BEGIN
Lemma part_Neg_inv G s p F : part (Neg G) s p F ->
  (s = true /\ p = [] /\ F = Neg G) \/
  (s = false /\ p = [DN] /\ F = G) \/
  (exists H p', G = Neg H /\ p = DN :: DN :: p' /\ part H s p' F).
Proof.
  induction 1.
  - left; auto.
  - destruct IHpart as [[_ [-> E]]|[[E _]|[K [p' [-> [-> H']]]]]]; try discriminate.
    right; right. exists K, (p' ++ [DL]). repeat split. eapply part_orL; eauto.
  - destruct IHpart as [[_ [-> E]]|[[E _]|[K [p' [-> [-> H']]]]]]; try discriminate.
    right; right. exists K, (p' ++ [DR]). repeat split. eapply part_orR; eauto.
  - destruct IHpart as [[-> [-> E]]|[[-> [-> E]]|[K [p' [-> [-> H']]]]]].
    + injection E as ->. right; left. auto.
    + subst. right; right. exists B, []. repeat split. constructor.
    + right; right. exists K, (p' ++ [DN]). repeat split. eapply part_neg; eauto.
Qed.

Lemma part_Neg_top G : part (Neg G) false [DN] G.
Proof. apply (part_neg (Neg G) true [] G). constructor. Qed.

Lemma part_Eps_inv a b s p F : part (Eps a b) s p F -> s = true /\ p = [] /\ F = Eps a b.
Proof. induction 1; auto; destruct IHpart as [_ [_ E]]; discriminate. Qed.

Fixpoint size (F : form) : nat :=
  match F with Eps _ _ => 1 | Or A B => S (size A + size B) | Neg A => S (size A) end.

Lemma part_size A s p F : part A s p F -> size F <= size A.
Proof. induction 1; simpl in *; lia. Qed.

Lemma part_functional_bounded n : forall G, size G <= n ->
  forall s s' p F F', part G s p F -> part G s' p F' -> s = s' /\ F = F'.
Proof.
  induction n as [|n IH]; intros G Hs; [destruct G; simpl in Hs; lia|].
  intros s s' p F F' H1 H2. destruct G as [a b|B C|B]; simpl in Hs.
  - apply part_Eps_inv in H1; apply part_Eps_inv in H2. intuition congruence.
  - apply part_Or_inv in H1; apply part_Or_inv in H2.
    destruct H1 as [[? [? ?]]|[[p1 [? ?]]|[p1 [? ?]]]];
    destruct H2 as [[? [? ?]]|[[p2 [? ?]]|[p2 [? ?]]]]; subst; try discriminate;
    try (split; congruence);
    match goal with E : _ :: _ = _ :: _ |- _ => injection E as <- end;
    [eapply (IH B)|eapply (IH C)]; first [lia|eassumption].
  - apply part_Neg_inv in H1; apply part_Neg_inv in H2.
    destruct H1 as [[? [? ?]]|[[? [? ?]]|[H [p1 [? [? ?]]]]]];
    destruct H2 as [[? [? ?]]|[[? [? ?]]|[H' [p2 [? [? ?]]]]]]; subst; try discriminate;
    try (split; congruence).
    match goal with E : DN :: DN :: _ = DN :: DN :: _ |- _ => injection E as <- end.
    match goal with E : Neg _ = Neg _ |- _ => injection E as <- end.
    eapply (IH H); [simpl in Hs; lia|eassumption|eassumption].
Qed.

Lemma part_functional G s s' p F F' : part G s p F -> part G s' p F' -> s = s' /\ F = F'.
Proof. apply (part_functional_bounded (size G) G (le_n _)). Qed.

Lemma part_eval V G s p F : part G s p F -> eval V G = false -> eval V F = negb s.
Proof.
  induction 1; intro E; simpl in *; auto.
  - apply IHpart, orb_false_iff in E. tauto.
  - apply IHpart, orb_false_iff in E. tauto.
  - apply IHpart in E. destruct (eval V B), s; simpl in *; congruence.
Qed.

Lemma negpart_Or_left G X F : negpart G F -> negpart (Or G X) F.
Proof. intros [p Hp]. exists (DL :: p). apply part_Or_left; auto. Qed.

Lemma negpart_Or_Neg G X : negpart (Or G (Neg X)) X.
Proof. exists [DR; DN]. apply part_Or_right. apply part_Neg_top. Qed.

(** * Soundness: rejected formulas are falsifiable *)

Lemma provH_sound F : provH F -> forall V, closed_val V -> eval V F = true.
Proof.
  induction 1 as [A [P [s [HP <-]]]|a b|a b c|a b|A B _ IH1 _ IH2];
    intros V HV; pose proof HV as [h1 [h2 h3]]; simpl.
  - rewrite eval_pinst. apply HP.
  - destruct (V a b) eqn:E; simpl; auto; now rewrite (h1 _ _ E).
  - destruct (V a b) eqn:E1, (V b c) eqn:E2; simpl; auto; now rewrite (h2 _ _ _ E1 E2).
  - destruct (V a b) eqn:E1, (V b b) eqn:E2; simpl; auto; now rewrite (h3 _ _ E1 E2).
  - specialize (IH1 V HV). simpl in IH1. rewrite (IH2 V HV) in IH1. exact IH1.
Qed.

Definition truth (P : Prop) : bool := if excluded_middle_informative P then true else false.

Lemma truth_spec P : truth P = true <-> P.
Proof. unfold truth; destruct (excluded_middle_informative P); split; auto; discriminate. Qed.

Definition negpart_val (H : form) (x y : name) : bool := truth (negpart H (Eps x y)).
Variable R : realFieldType.
Local Open Scope ring_scope.

Definition RLC_pt (t : nat) : R :=
  (\max_(F : request_matrix | valid_request F) chi_l F t)%:R / ('C(n, t))%:R.

Definition xpt (t : nat) : R := t%:R * m%:R / n%:R.

Definition interp (t1 t2 : nat) (M : R) : R :=
  ((xpt t2 - M) * RLC_pt t1 + (M - xpt t1) * RLC_pt t2) / (xpt t2 - xpt t1).

(* lower convex envelope (memory sharing) at a non-grid point M in (0,m):
   minimum over pairs of grid points around M of the linear interpolation *)
Definition envelope (M : R) : R :=
  \big[Num.min/interp 0 n M]_(t1 : 'I_n.+1)
     \big[Num.min/interp 0 n M]_(t2 : 'I_n.+1 | (xpt t1 < M) && (M < xpt t2))
        interp t1 t2 M.

Definition RLC (M : R) : R :=
  match [pick t : 'I_n.+1 | M * n%:R == t%:R * m%:R] with
  | Some t => RLC_pt t
  | None => envelope M
  end.

Definition Rlb (M : R) : R :=
  let q := (m %/ L)%N in
  \big[Num.max/(m%:R - M) / ((m + L.-1) %/ L)%N%:R]_(1 <= s < (minn q n).+1)
     ((L * s)%N%:R - s%:R * M / (q %/ s)%N%:R).

End CodedCaching.

From Pilot Require Import Defs.
From HB Require Import structures.
From mathcomp Require Import all_boot all_order all_algebra.
From mathcomp Require Import ring lra zify.
Set Implicit Arguments. Unset Strict Implicit. Unset Printing Implicit Defensive.
Import Order.TTheory GRing.Theory Num.Theory.
Local Open Scope ring_scope.

(* Two explicit proper colourings of the conflict graph bound
   its directed local chromatic number at every grid point t:
   - colouring a vertex by its packet (f,T) shows chi_l <= m * C(n-1,t),
     i.e. R^LC(t m/n) <= (m/n) (n - t);
   - colouring a vertex ((f,T),u) by (position of f in u's request, T + u)
     shows chi_l <= L * C(n,t+1), i.e. R^LC(t m/n) <= L (n - t)/(t+1).
   Both bounds are affine in t on each memory-sharing cell, so memory sharing
   turns them into R^LC(M) <= m - M and R^LC(M) <= L/(t+1) (n - nM/m) for the
   cell t m <= n M < (t+1) m; the latter yields R^LC m <= L n (m - M) and
   R^LC M <= L (m - M).

   R^lb dominates (m - M)/ceil(m/L), and Ls/2 for every
   admissible s with 4 s M <= L floor(m/L).  A case analysis on the size of
   M and of ceil(m/L), with s chosen maximal, compares the two sides. *)

Section ConflictGraphColourings.
Variables (n m L : nat) (F : request_matrix n m L) (t : nat).
Hypotheses (n_gt0 : (0 < n)%N) (m_gt0 : (0 < m)%N).
Notation vtx := ((('I_m * {set 'I_n}) * 'I_n)%type).
Notation closed_out v :=
  [set w : vtx | is_vertex F t w && ((w == v) || Defs.arc v w)].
END
EXERCISE: Output should match, line for line, the stretch of the material above from the line holding "- colouring a vertex ((f,T),u)" through the line holding "turns them into".

RESULT OF THE TASK:
   - colouring a vertex ((f,T),u) by (position of f in u's request, T + u)
     shows chi_l <= L * C(n,t+1), i.e. R^LC(t m/n) <= L (n - t)/(t+1).
   Both bounds are affine in t on each memory-sharing cell, so memory sharing
   turns them into R^LC(M) <= m - M and R^LC(M) <= L/(t+1) (n - nM/m) for the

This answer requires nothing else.